Rather than a necropolitics that threatens the life of mothers and their children, which would be a ‘true’ necropolitics, matricide can be recognised as part and parcel of the modern bio-necro configuration of reproduction as the constitutive border of the project of biopolitical subjectification, which is the extractive instrumentalisation of the maternal body and the negation of maternal subjectivity.

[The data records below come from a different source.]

Lemma big_labelled_vals (R : nmodType) (G : seq (bool * nat) -> R) :
  \sum_(A : {set 'I_r}) \sum_(f : {ffun 'I_r -> 'I_N}) G (labelled_vals A f) =
  \sum_(t <- labelled_seqs N r) G t.
Proof.
rewrite pair_bigA /=.
rewrite -(big_map (fun Af : {set 'I_r} * {ffun 'I_r -> 'I_N} => labelled_vals Af.1 Af.2) xpredT G).
apply: perm_big; apply: uniq_perm.
- by rewrite (map_inj_uniq labelled_vals_inj) index_enum_uniq.
- exact: uniq_labelled_seqs.
move=> t; rewrite mem_labelled_seqs; apply/mapP/andP => [[[A f] _ ->]|[/eqP size_t tN]].
  by rewrite size_labelled_vals all_map; split => //; apply/allP => i _ /=.
have ltN (i : 'I_r) : ((nth (false, 0%N) t i).2 < N)%N.
  by apply: (all_nthP (false, 0%N) tN); rewrite size_t.
exists ([set i : 'I_r | (nth (false, 0%N) t i).1], [ffun i => Ordinal (ltN i)]).
  exact: mem_index_enum.
apply: (@eq_from_nth _ (false, 0%N)); rewrite ?size_labelled_vals // => i.
rewrite size_t => ir; have -> : i = Ordinal ir by [].
by rewrite nth_labelled_vals_ord /= inE ffunE /= -surjective_pairing.
Qed.

Lemma sorted_labelled_vals A f (e : rel (bool * nat)) :
  sorted e (labelled_vals A f) =
  [forall i : 'I_r, (i.+1 < r)%N ==>
     e (inA A i, nth 0%N (vals f) i) (inA A i.+1, nth 0%N (vals f) i.+1)].
Proof.
apply/(sortedP (false, 0%N))/forallP; rewrite size_labelled_vals.
  move=> e_adj i; apply/implyP => ir.
  by have := e_adj i ir; rewrite !nth_labelled_vals // ltnW.
move=> e_adj i ir; have ir' := ltnW ir.
by have := e_adj (Ordinal ir'); rewrite /= ir !nth_labelled_vals.
Qed.

Lemma in_range_labelled_vals A f :
  in_range f = all (fun y => 0 < y.2)%N (labelled_vals A f).
Proof.
rewrite all_map; apply/forallP/allP => [pos i _|pos i]; first exact: pos.
exact: pos (mem_enum _ i).
Qed.

End LabelledVals.

Lemma S_setE r N (A : {set 'I_r}) (f : {ffun 'I_r -> 'I_N}) :
  S_set A f = in_range f && sorted (step (false, false)) (labelled_vals A f).
Proof.
rewrite /S_set sorted_labelled_vals; congr (_ && _); apply: eq_forallb => i.
by case: (inA A i); case: (inA A i.+1).
Qed.

Lemma Sstar_setE r N (A : {set 'I_r}) (f : {ffun 'I_r -> 'I_N}) :
  Sstar_set A f = in_range f && sorted (step (true, false)) (labelled_vals A f).
Proof.
rewrite /Sstar_set sorted_labelled_vals; congr (_ && _); apply: eq_forallb => i.
by case: (inA A i); case: (inA A i.+1).
Qed.

Lemma path_step_min c y t : path (step c) y t -> all (fun z => y.2 <= z.2)%N t.
Proof.
move=> /(sub_path (e' := fun x z => x.2 <= z.2)%N) y_t.
apply: (order_path_min _ (y_t _)) => [x z v|x z]; first exact: leq_trans.
exact: lteqnW.
Qed.

(* Positivity of the first value propagates along a path of [step c]. *)
Lemma pos_sorted_chain c t :
  all (fun y => 0 < y.2)%N t && sorted (step c) t = chain c (false, false) 0 t.
Proof.
case: t => [|y t] //=; have -> : admits (false, false) 0 y = (0 < y.2)%N by case: y => [[] ?].
apply/idP/idP => [/andP[/andP[-> _] ->] //|/andP[y_gt0 y_t]].
rewrite y_gt0 y_t andbT /=; apply/allP => z z_in.
exact: leq_trans y_gt0 (allP (path_step_min y_t) z z_in).
Qed.

Definition zeta_weight (v h : nat) : rat := (v%:R ^+ h)^-1.
Definition dual_weight (N v : nat) : rat := (N - v)%:R^-1.

Lemma zeta_weightD v a b : zeta_weight v (a + b) = zeta_weight v a * zeta_weight v b.
Proof. by rewrite /zeta_weight exprD invfM. Qed.

Lemma summand_weight k N (A : {set 'I_(size k)}) (f : {ffun 'I_(size k) -> 'I_N}) :
  (in_ones A)%:R * summand A f = weight zeta_weight (dual_weight N) k (labelled_vals A f).
Proof.
rewrite /weight (big_nth ((false, 0%N), 0%N)) size_zip size_labelled_vals minnn big_mkord.
rewrite (bigID (mem A)) /= /summand mulrA; congr (_ * _).
  have nat_of_andb : {morph nat_of_bool : a b / a && b >-> (a * b)%N}.
    by move=> a b; rewrite mulnb.
  rewrite /in_ones -big_andE (big_morph _ nat_of_andb (erefl : nat_of_bool true = 1%N)).
  rewrite natr_prod -big_split /=; apply: eq_bigr => i i_A.
  by rewrite nth_zip ?size_labelled_vals // nth_labelled_vals_ord /entry_weight /= i_A.
apply: eq_big => [i|i]; rewrite inE // => i_nA.
by rewrite nth_zip ?size_labelled_vals // nth_labelled_vals_ord /entry_weight /= (negbTE i_nA).
Qed.

Lemma sum_sorted_transfer c k N :
  \sum_(A : {set 'I_(size k)} | in_ones A)
    \sum_(f : {ffun 'I_(size k) -> 'I_N} | in_range f && sorted (step c) (labelled_vals A f))
      summand A f =
  transfer_sum N zeta_weight (dual_weight N) c k (false, false) 0.
Proof.
rewrite -transfer_sumE -big_labelled_vals big_mkcond; apply: eq_bigr => A _.
rewrite big_mkcond /=; case: (boolP (in_ones A)) => [A_ones|A_nones].
  apply: eq_bigr => f _; rewrite -summand_weight A_ones mul1r.
  by rewrite (in_range_labelled_vals A) pos_sorted_chain; case: chain; rewrite ?mul1r ?mul0r.
by rewrite big1 // => f _; rewrite -summand_weight (negbTE A_nones) /= mul0r mulr0.
Qed.

Lemma zeta_diamond_transfer N k :
  zeta_diamond N k = transfer_sum N zeta_weight (dual_weight N) (false, false) k (false, false) 0.
Proof.
rewrite -sum_sorted_transfer; apply: eq_bigr => A _.
by apply: eq_bigl => f; rewrite S_setE.
Qed.

Lemma sum_Sstar_transfer N k :
  \sum_(A : {set 'I_(size k)} | in_ones A)
    \sum_(f : {ffun 'I_(size k) -> 'I_N} | Sstar_set A f) summand A f =
  transfer_sum N zeta_weight (dual_weight N) (true, false) k (false, false) 0.
Proof.
rewrite -sum_sorted_transfer; apply: eq_bigr => A _.
by apply: eq_bigl => f; rewrite Sstar_setE.
Qed.

Theorem mainTheorem11 (N : nat) (k : seq nat) :
  (0 < N)%N -> admissible k ->
  zeta_diamond_star N k =
  \sum_(A : {set 'I_(size k)} | in_ones A)
    \sum_(f : {ffun 'I_(size k) -> 'I_N} | Sstar_set A f) summand A f.
Proof.
move=> _ /and3P[_ k_pos _].
rewrite sum_Sstar_transfer -sum_coarsenings_transfer //; last exact: zeta_weightD.
by apply: eq_bigr => l _; rewrite zeta_diamond_transfer.
Qed.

Because the death, or the termination, of future life is the direct contradiction, and thus the taboo, the limit, the excess, of biopolitics, the project of subjectification must exclude the maternal in order to be able to accumulate and control reproduction directly, subjecting her, instead, to a de-subjectifying politics that functions through the signifier of death instead of life, and is a kind of necropolitics that I have differentiated as matricide. 3 Although the playing of the dead baby card no longer consists of the actual threat of matricide as it did during the witch hunts, it still constructs maternal self-determination as a transgression of the biopolitical project of fostering life. As such, the playing of the dead baby card still expropriates and captures the maternal subject, echoing its primitive accumulation through the continuous implicit accusation of infanticide.